Ambassador Bhojwani also served as a diplomat performing political, economic, commercial, cultural, consular, and administrative functions in Indian diplomatic Missions in Spain, Indonesia, Malaysia, and the Czech Republic, before serving in Latin America, in the course of his career, from which he retired on 31 January 2012. He also represented his country and government on various delegations in multilateral and bilateral discussions, conferences, etc.

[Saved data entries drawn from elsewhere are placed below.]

Lemma cls_neq_not_connected i h x y : cls mu V e i <> cls mu V e h ->
  cls mu V e i x -> cls mu V e h y -> ~ conn x y.
Proof.
move=> ih ix hy xy; apply: ih; apply: functional_extensionality => w.
apply: propositional_extensionality; rewrite /cls; split => [iw|hw].
  apply: connected_trans hy (connected_trans (connected_sym xy) _).
  exact: connected_trans (connected_sym ix) iw.
exact: connected_trans ix (connected_trans xy (connected_trans (connected_sym hy) hw)).
Qed.

End Connectivity.

Section GLtReduction.
Variables (F : fieldType) (G : zmodType) (n : nat) (L : lmodType F).
Variables (eps : G -> G -> F) (Lg : G -> L -> Prop) (mu : {ffun 'I_n -> L} -> L).
Variable alpha : 'I_n -> 'I_n -> 'I_n -> {perm 'I_n} -> {perm 'I_n.-1} -> F.
Hypotheses (mu_ml : multilinear mu) (gLt : color_gLt Lg mu eps alpha).

Lemma gLt_reduction (x : nat -> L) (u : L) (f : {ffun 'I_n -> L}) (a kk : 'I_n) :
  (forall m, homogeneous Lg (x m)) -> (forall r, homogeneous Lg (f r)) ->
  a != kk -> f kk = mu [ffun q : 'I_n => x q] -> f a = u ->
  (forall m (g : {ffun 'I_n -> L}) (a2 b2 : 'I_n), (m < n)%N -> a2 != b2 ->
     g a2 = u -> g b2 = x m -> (forall r, homogeneous Lg (g r)) -> mu g = 0) ->
  mu f = 0.
Proof.
move=> xh fh akk fkk fa Hred.
have [dx Hdx] := functional_choice _ xh.
have [df Hdf] := functional_choice _ fh.
(* [y] lists the arguments of [f] off the slot [kk]; in every term of the gLt
   expansion, [u = y a'] shares an inner product with a single [x m]. *)
pose y m : L := f (insubd kk (bump kk m)).
have := gLt kk (y := y) (dy := fun m => df (insubd kk (bump kk m)))
  (fun m _ => Hdx m) (fun m _ => Hdf _); cbv zeta.
have -> : [ffun p : 'I_n => if (p < kk)%N then y p
            else if p == kk then mu [ffun q : 'I_n => x q] else y p.-1] = f.
  apply/ffunP => p; rewrite ffunE if_unbump; case: eqP => [-> //|/eqP pk].
  by rewrite /y unbumpK ?valKd // inE pk.
move=> ->.
have [a' Ea _] := @unlift_some _ kk a ltac:(by rewrite eq_sym).
have ya : y a' = u by rewrite /y -[bump kk a']/(val (lift kk a')) valKd -Ea.
apply: big1 => i0 _; apply: big1 => j0 _; apply: big1 => s1 _; apply: big1 => s2 _.
set inner := mu [ffun q : 'I_n => if (q < j0)%N then _ else _].
have -> : inner = 0.
  apply: (Hred (Defs.pnat s1 i0) _ (lift j0 ((s2^-1)%g a')) j0).
  - by rewrite pnat_ord ltn_ord.
  - by rewrite lift_eqF.
  - have := if_unbump (fun m => y (Defs.pnat s2 m)) (x (Defs.pnat s1 i0))
      (lift j0 ((s2^-1)%g a')) j0.
    by cbv beta; rewrite ffunE => ->; rewrite lift_eqF bumpK pnat_ord permKV.
  - by rewrite ffunE ltnn eqxx.
  - move=> r; rewrite ffunE; case: ifP => _; first exact: fh.
    by case: ifP => _; [exact: xh | exact: fh].
have -> : [ffun p : 'I_n => if p == i0 then 0 else x (Defs.pnat s1 p)] =
          upd [ffun p : 'I_n => x (Defs.pnat s1 p)] i0 0 by apply/ffunP => p; rewrite !ffunE.
by rewrite mu_upd0 // scaler0.
Qed.

End GLtReduction.

Section QuasiMultiplicativeBasis.
Variables (F : fieldType) (G : zmodType) (n : nat) (L : lmodType F).
Variables (eps : G -> G -> F) (Lg : G -> L -> Prop) (mu : {ffun 'I_n -> L} -> L).
Variable alpha : 'I_n -> 'I_n -> 'I_n -> {perm 'I_n} -> {perm 'I_n.-1} -> F.
Variables (V W : L -> Prop) (I : Type) (e : I -> L).
Hypotheses (n_gt1 : (1 < n)%N) (Hgr : graded_nary_algebra Lg mu).
Hypotheses (gLt : color_gLt Lg mu eps alpha) (Hq : quasi_multiplicative_basis Lg mu V W e).

Local Notation o0 := (slot0 n_gt1).
Local Notation conn := (connected mu V e).
Local Notation sym_span := (sym_span mu V e).

Let mu_ml : multilinear mu := Hgr.2.1.

Definition line_or_V (S : L -> Prop) : Prop :=
  (exists j, forall z, S z -> in_line e j z) \/ (forall z, S z -> V z).

Lemma line_or_V_sub S S' : (forall z, S' z -> S z) -> line_or_V S -> line_or_V S'.
Proof.
by move=> S'S [[j Sj]|SV]; [left; exists j | right] => z /S'S; [apply: Sj | apply: SV].
Qed.

Lemma line_or_V_span1 w : (exists j, in_line e j w) \/ V w ->
  line_or_V (Defs.span (fun z => z = w)).
Proof.
have [[V_sub _] _] := Hq.
case=> [[j wj]|Vw]; [left; exists j | right].
  by apply: span_ind (in_line_subspace e j) _ => _ ->.
by apply: span_ind V_sub _ => _ ->.
Qed.
(* Let $\xi$ be a vector field and $\varphi$ a function on a spacetime $(M,g)$, and suppose a null tetrad is preferred relative to $\xi$. Then the tetrad is Lie recurrent relative to $\xi$ with associated factor $\varphi$ if and only if $\xi$ is a (C)KV with conformal factor $\varphi$.
   Context: $(M,g)$ is a 4-dimensional Lorentzian manifold; $\pounds$ is the ordinary Lie derivative. $\xi$ is a (C)KV with conformal factor $\varphi$ if $\pounds_\xi g_{\mu\nu}=\varphi g_{\mu\nu}$. A null tetrad $(l,n,m,\overline m)$: $l,n$ real null, $m$ complex null, $l_\mu n^\mu=1$, $m_\mu\overline m^\mu=-1$, other inner products zero. It is Lie recurrent relative to $\xi$ with associated factor $\varphi$ if $\pounds_\xi l^\mu=-\frac12\varphi l^\mu$, $\pounds_\xi n^\mu=-\frac12\varphi n^\mu$, $\pounds_\xi m^\mu=-\frac12\varphi m^\mu$. Null directions are preferred relative to $\xi$ if $\overline m_\mu\pounds_\xi l^\mu=l_\mu\pounds_\xi\overline m^\mu$ and $m_\mu\pounds_\xi n^\mu=n_\mu\pounds_\xi m^\mu$. A quantity $\eta$ has GHP weight $(p,q)$ if under $l\to A^2l$, $n\to A^{-2}n$, $m\to e^{i\alpha_0}m$ it becomes $\lambda^p\overline\lambda^q\eta$, $\lambda=Ae^{i\alpha_0/2}$; GHP Lie derivative $\text{\L}_\xi\eta=\pounds_\xi\eta+\frac{p+q}{4}(l_\mu\pounds_\xi n^\mu-n_\mu\pounds_\xi l^\mu)\eta+\frac{p-q}{4}(\overline m_\mu\pounds_\xi m^\mu-m_\mu\pounds_\xi\overline m^\mu)\eta$. The gauge is preferred relative to $\xi$ if $\text{\L}_\xi\eta=\pounds_\xi\eta$ for every quantity $\eta$. A tetrad is preferred relative to $\xi$ if its null directions and its gauge are both preferred. *)

(* Local (coordinate-chart) formalization of
   Lie derivatives of a metric, vector fields and scalars on an open
   subset U of R^4.  Indices mu, nu range over 0..3. *)
From Stdlib Require Import Reals ZArith.
From Coquelicot Require Import Coquelicot.

Set Implicit Arguments.

Open Scope R_scope.

Definition Point := (R * R * R * R)%type.

Definition coord (x : Point) (mu : nat) : R :=
  match x with (x0, x1, x2, x3) =>
    match mu with 0 => x0 | 1 => x1 | 2 => x2 | _ => x3 end end.

Definition shift (x : Point) (mu : nat) (t : R) : Point :=
  match x with (x0, x1, x2, x3) =>
    match mu with
    | 0 => (x0 + t, x1, x2, x3)
    | 1 => (x0, x1 + t, x2, x3)
    | 2 => (x0, x1, x2 + t, x3)
    | _ => (x0, x1, x2, x3 + t)
    end end.

Definition open4 (U : Point -> Prop) : Prop :=
  forall x, U x -> exists eps : R, 0 < eps /\
    forall y, (forall mu, (mu < 4)%nat -> Rabs (coord y mu - coord x mu) < eps) -> U y.

Definition pd (f : Point -> R) (mu : nat) (x : Point) : R :=
  Derive (fun t => f (shift x mu t)) 0.

Definition has_pd (f : Point -> R) (x : Point) : Prop :=
  forall mu, (mu < 4)%nat -> ex_derive (fun t => f (shift x mu t)) 0.

Definition pdC (f : Point -> C) (mu : nat) (x : Point) : C :=
  (pd (fun y => Re (f y)) mu x, pd (fun y => Im (f y)) mu x).

Definition sum4 (f : nat -> R) : R := f 0%nat + f 1%nat + f 2%nat + f 3%nat.
Definition sum4C (f : nat -> C) : C :=
  (f 0%nat + f 1%nat + f 2%nat + f 3%nat)%C.

Definition VField := Point -> nat -> R.
Definition CVField := Point -> nat -> C.
Definition Metric := Point -> nat -> nat -> R.

Definition liftC (V : VField) : CVField := fun x mu => RtoC (V x mu).
Definition conjV (V : CVField) : CVField := fun x mu => Cconj (V x mu).

Definition LieS (xi : VField) (eta : Point -> C) (x : Point) : C :=
  sum4C (fun r => (RtoC (xi x r) * pdC eta r x)%C).

Definition LieV (xi : VField) (V : CVField) (x : Point) (mu : nat) : C :=
  sum4C (fun r => (RtoC (xi x r) * pdC (fun y => V y mu) r x
                   - V x r * RtoC (pd (fun y => xi y mu) r x))%C).

Definition LieG (xi : VField) (g : Metric) (x : Point) (mu nu : nat) : R :=
  sum4 (fun r => xi x r * pd (fun y => g y mu nu) r x
               + g x r nu * pd (fun y => xi y r) mu x
               + g x mu r * pd (fun y => xi y r) nu x).

Definition gdot (g : Metric) (x : Point) (u v : nat -> C) : C :=
  sum4C (fun mu => sum4C (fun nu => (RtoC (g x mu nu) * u mu * v nu)%C)).

(** g is a symmetric metric on U (its Lorentzian signature is forced by the
    existence of the null tetrad). *)
Definition symmetric_metric (U : Point -> Prop) (g : Metric) : Prop :=
  forall x, U x -> forall mu nu, (mu < 4)%nat -> (nu < 4)%nat ->
    g x mu nu = g x nu mu.
(* Let $\mathcal{P}=\{p_1>p_2>\cdots>p_k\}$ be a finite nonempty set of positive integers. Then the pair $(\mathcal{P},\mathcal{P})$ is bigraphic, and there is a bipartite graph realizing $(\mathcal{P},\mathcal{P})$ in which each stable set has exactly $p_1$ vertices; moreover, such a graph can be chosen to be a mirror bipartite graph.
   Context: For finite sets of integers $\mathcal{P}=\{p_1>\cdots>p_{k_1}\}$ and $\mathcal{Q}=\{q_1>\cdots>q_{k_2}\}$, a bipartite graph $G$ with stable sets $V_1,V_2$ realizes the pair $(\mathcal{P},\mathcal{Q})$ if the set of degrees of vertices in $V_1$ is exactly $\mathcal{P}$ (each $p_i$ occurring at least once, and no other value occurring) and the set of degrees of vertices in $V_2$ is exactly $\mathcal{Q}$; the pair is bigraphic if such $G$ exists. A bipartite graph $G=(V_1\cup V_2,E)$ is mirror if there is a bijection $\varphi:V_1\to V_2$ with $u\varphi(v)\in E \iff \varphi(u)v\in E$ for all $u,v\in V_1$. *)

From mathcomp Require Import all_boot.
Set Implicit Arguments. Unset Strict Implicit. Unset Printing Implicit Defensive.

(* A bipartite graph with stable sets V1 = 'I_n1 and V2 = 'I_n2 is given by
   its edge relation E : 'I_n1 -> 'I_n2 -> bool (E u v  <->  uv is an edge). *)

Definition deg1 n1 n2 (E : 'I_n1 -> 'I_n2 -> bool) (u : 'I_n1) : nat :=
  #|[set v : 'I_n2 | E u v]|.
Definition deg2 n1 n2 (E : 'I_n1 -> 'I_n2 -> bool) (v : 'I_n2) : nat :=
  #|[set u : 'I_n1 | E u v]|.

Definition realizes n1 n2 (E : 'I_n1 -> 'I_n2 -> bool) (P Q : seq nat) : Prop :=
  (forall d, d \in P <-> exists u, deg1 E u = d) /\
  (forall d, d \in Q <-> exists v, deg2 E v = d).

Definition bigraphic (P Q : seq nat) : Prop :=
  exists n1 n2 (E : 'I_n1 -> 'I_n2 -> bool), realizes E P Q.

Definition mirror n1 n2 (E : 'I_n1 -> 'I_n2 -> bool) : Prop :=
  exists phi : 'I_n1 -> 'I_n2, bijective phi /\
    forall u v : 'I_n1, E u (phi v) = E v (phi u).

From mathcomp Require Import all_boot.
From mathcomp Require Import zify.

Set Implicit Arguments.
Unset Strict Implicit.
Unset Printing Implicit Defensive.

(* Let [below q] be the number of elements of P smaller than q, and join
   u and v (0 <= u, v < max P) iff [below (u+1) + below (v+1) < |P|].  The
   relation is symmetric, so the identity is a mirror bijection.  For q in P,
   [below (v+1) <= below q] iff v < q, so the neighbourhood of u is the initial
   segment [0, q) where q is the element of P with
   [below q = |P| - 1 - below (u+1)].  As u ranges over the vertices,
   [below (u+1)] takes every value in [0, |P|), so q takes every value in P. *)

Lemma mem_bigmax_seq (s : seq nat) : s != [::] -> \max_(p <- s) p \in s.
Proof.
elim: s => [//|x [|y s] IH] _; rewrite big_cons.
  by rewrite big_nil maxn0 mem_head.
rewrite /maxn; case: ifP => _; last exact: mem_head.
by rewrite inE IH ?orbT.
Qed.

Lemma card_ord_lt m q : q <= m -> #|[set v : 'I_m | v < q]| = q.
Proof.
move=> le_qm.
have -> : [set v : 'I_m | v < q] = [set widen_ord le_qm i | i in 'I_q].
  apply/setP => v; rewrite inE; apply/idP/imsetP => [lt_vq|[i _ ->]].
    by exists (Ordinal lt_vq) => //; apply: val_inj.
  exact: (ltn_ord i).
by rewrite card_imset ?card_ord // => i j /(congr1 val) /= /val_inj.
Qed.

Section Below.
Variable s : seq nat.

Definition below (q : nat) : nat := count (fun p => p < q) s.

Lemma below_mono : {homo below : x y / x <= y}.
Proof.
by move=> x y le_xy; apply: sub_count => p /= lt_px; exact: leq_trans lt_px le_xy.
Qed.

Lemma belowS q : below q.+1 = below q + count_mem q s.
Proof. by rewrite /below; elim: s => //= p t ->; rewrite ltnS leq_eqVlt; lia. Qed.

Lemma below_ltS q : q \in s -> below q < below q.+1.
Proof.
move=> qs; rewrite belowS -[X in X < _]addn0 ltn_add2l -has_count.
by apply/hasP; exists q => /=.
Qed.

Lemma leq_below q x : q \in s -> (below x <= below q) = (x <= q).
Proof.
move=> qs; case: (leqP x q) => [|lt_qx]; first exact: below_mono.
by apply/negbTE; rewrite -ltnNge; apply: leq_trans (below_ltS qs) (below_mono lt_qx).
Qed.

Lemma below_inj : {in s &, injective below}.
Proof.
move=> a b as_ bs eq_ab; apply/eqP; rewrite eqn_leq.
by rewrite -(leq_below _ bs) -(leq_below _ as_) eq_ab !leqnn.
Qed.

Lemma below_lt_size q : q \in s -> below q < size s.
Proof.
move=> qs; rewrite -(count_predC (fun p => p < q)) -[X in X < _]addn0 ltn_add2l.
by rewrite -has_count; apply/hasP; exists q; rewrite //= ltnn.
Qed.

Lemma below_onto t : uniq s -> t < size s -> exists2 q, q \in s & below q = t.
Proof.
move=> s_uniq lt_ts.
have uniq_im : uniq (map below s) by rewrite map_inj_in_uniq //; exact: below_inj.
have sub_im : {subset map below s <= iota 0 (size s)}.
  by move=> _ /mapP [q qs ->]; rewrite mem_iota below_lt_size.
have le_size : size (iota 0 (size s)) <= size (map below s).
  by rewrite size_map size_iota.
have [_ im_iota] := uniq_min_size uniq_im sub_im le_size.
have : t \in iota 0 (size s) by rewrite mem_iota.
by rewrite -im_iota => /mapP [q qs ->]; exists q.
Qed.

End Below.

Definition chain_graph (s : seq nat) (m : nat) : 'I_m -> 'I_m -> bool :=
  fun u v => below s u.+1 + below s v.+1 < size s.
Arguments chain_graph : clear implicits.

Lemma chain_graph_sym s m (u v : 'I_m) : chain_graph s m u v = chain_graph s m v u.
Proof. by rewrite /chain_graph addnC. Qed.

Section ChainGraphDegrees.
Variables (s : seq nat) (m : nat).
Hypotheses (s_uniq : uniq s) (s_pos : all (fun p => 0 < p) s)
  (m_in : m \in s) (le_m : forall q, q \in s -> q <= m).

Lemma chain_graph_nbhd (u : 'I_m) q : q \in s ->
  below s u.+1 + below s q = (size s).-1 ->
  [set v | chain_graph s m u v] = [set v : 'I_m | v < q].
Proof.
move=> qs below_uq; apply/setP => v; rewrite !inE /chain_graph -(leq_below _ qs).
have := below_lt_size qs; lia.
Qed.

Lemma deg1_chain_graph_mem (u : 'I_m) : deg1 (chain_graph s m) u \in s.
Proof.
have lt_us : below s u.+1 < size s.
  exact: leq_ltn_trans (below_mono s (ltn_ord u)) (below_lt_size m_in).
have lt_t : (size s).-1 - below s u.+1 < size s by lia.
have [q qs below_q] := below_onto s_uniq lt_t.
by rewrite /deg1 (chain_graph_nbhd qs) ?card_ord_lt ?le_m //; lia.
Qed.

Lemma deg1_chain_graph_onto d :
  d \in s -> exists u : 'I_m, deg1 (chain_graph s m) u = d.
Proof.
move=> ds; have lt_ds := below_lt_size ds.
have lt_t : (size s).-1 - below s d < size s by lia.
have [q qs below_q] := below_onto s_uniq lt_t.
have q_pos : 0 < q by move/allP: s_pos => /(_ q qs).
have lt_qm : q.-1 < m by have := le_m qs; lia.
exists (Ordinal lt_qm); rewrite /deg1 (chain_graph_nbhd ds) ?card_ord_lt ?le_m //=.
by rewrite prednK //; lia.
Qed.

End ChainGraphDegrees.

Lemma realizes_sym n (E : 'I_n -> 'I_n -> bool) (P : seq nat) :
  (forall u v, E u v = E v u) ->
  (forall d, d \in P <-> exists u, deg1 E u = d) -> realizes E P P.
Proof.
move=> E_sym degP; have deg21 v : deg2 E v = deg1 E v.
  by apply: eq_card => u; rewrite !inE E_sym.
by split=> // d; rewrite degP; split=> -[u <-]; exists u; rewrite deg21.
Qed.

Lemma mirror_sym n (E : 'I_n -> 'I_n -> bool) :
  (forall u v, E u v = E v u) -> mirror E.
Proof. by move=> E_sym; exists id; split; [exists id | move=> u v; rewrite E_sym]. Qed.

Theorem theorem5 (P : seq nat) :
  P != [::] -> uniq P -> all (fun p => 0 < p) P ->
  bigraphic P P /\
  exists E : 'I_(\max_(p <- P) p) -> 'I_(\max_(p <- P) p) -> bool,
    realizes E P P /\ mirror E.
Proof.
move=> P_ne0 P_uniq P_pos; set m := \max_(p <- P) p.
have m_in : m \in P by exact: mem_bigmax_seq.
have le_m q : q \in P -> q <= m by move=> qP; exact: leq_bigmax_seq.
have realP : realizes (chain_graph P m) P P.
  apply: realizes_sym => [|d]; first exact: chain_graph_sym.
  split; first exact: deg1_chain_graph_onto.
  by case=> u <-; exact: deg1_chain_graph_mem.
split; first by exists m, m, (chain_graph P m).
by exists (chain_graph P m); split; last exact/mirror_sym/chain_graph_sym.
Qed.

He served in different capacities in New Delhi, the capital of India. His most distinguished designation was Private Secretary to the Prime Minister of India, Mr P.V.Narasimha Rao, from May 1994 till May 1996. Deepak Bhojwani was hand-picked by Prime Minister Rao for his diplomatic and political skills, to serve as a liaison with government departments and functionaries, to oversee appointments and schedules as well as important files relating to key decisions of the government of the day, to accompany the Prime Minister on visits abroad and during high level visits by international dignitaries and delegations to India. This provided an opportunity for him to interact with important personalities and put him at the heart on Indian diplomacy and decision making during the crucial period of India's economic reform and transformation into a global power.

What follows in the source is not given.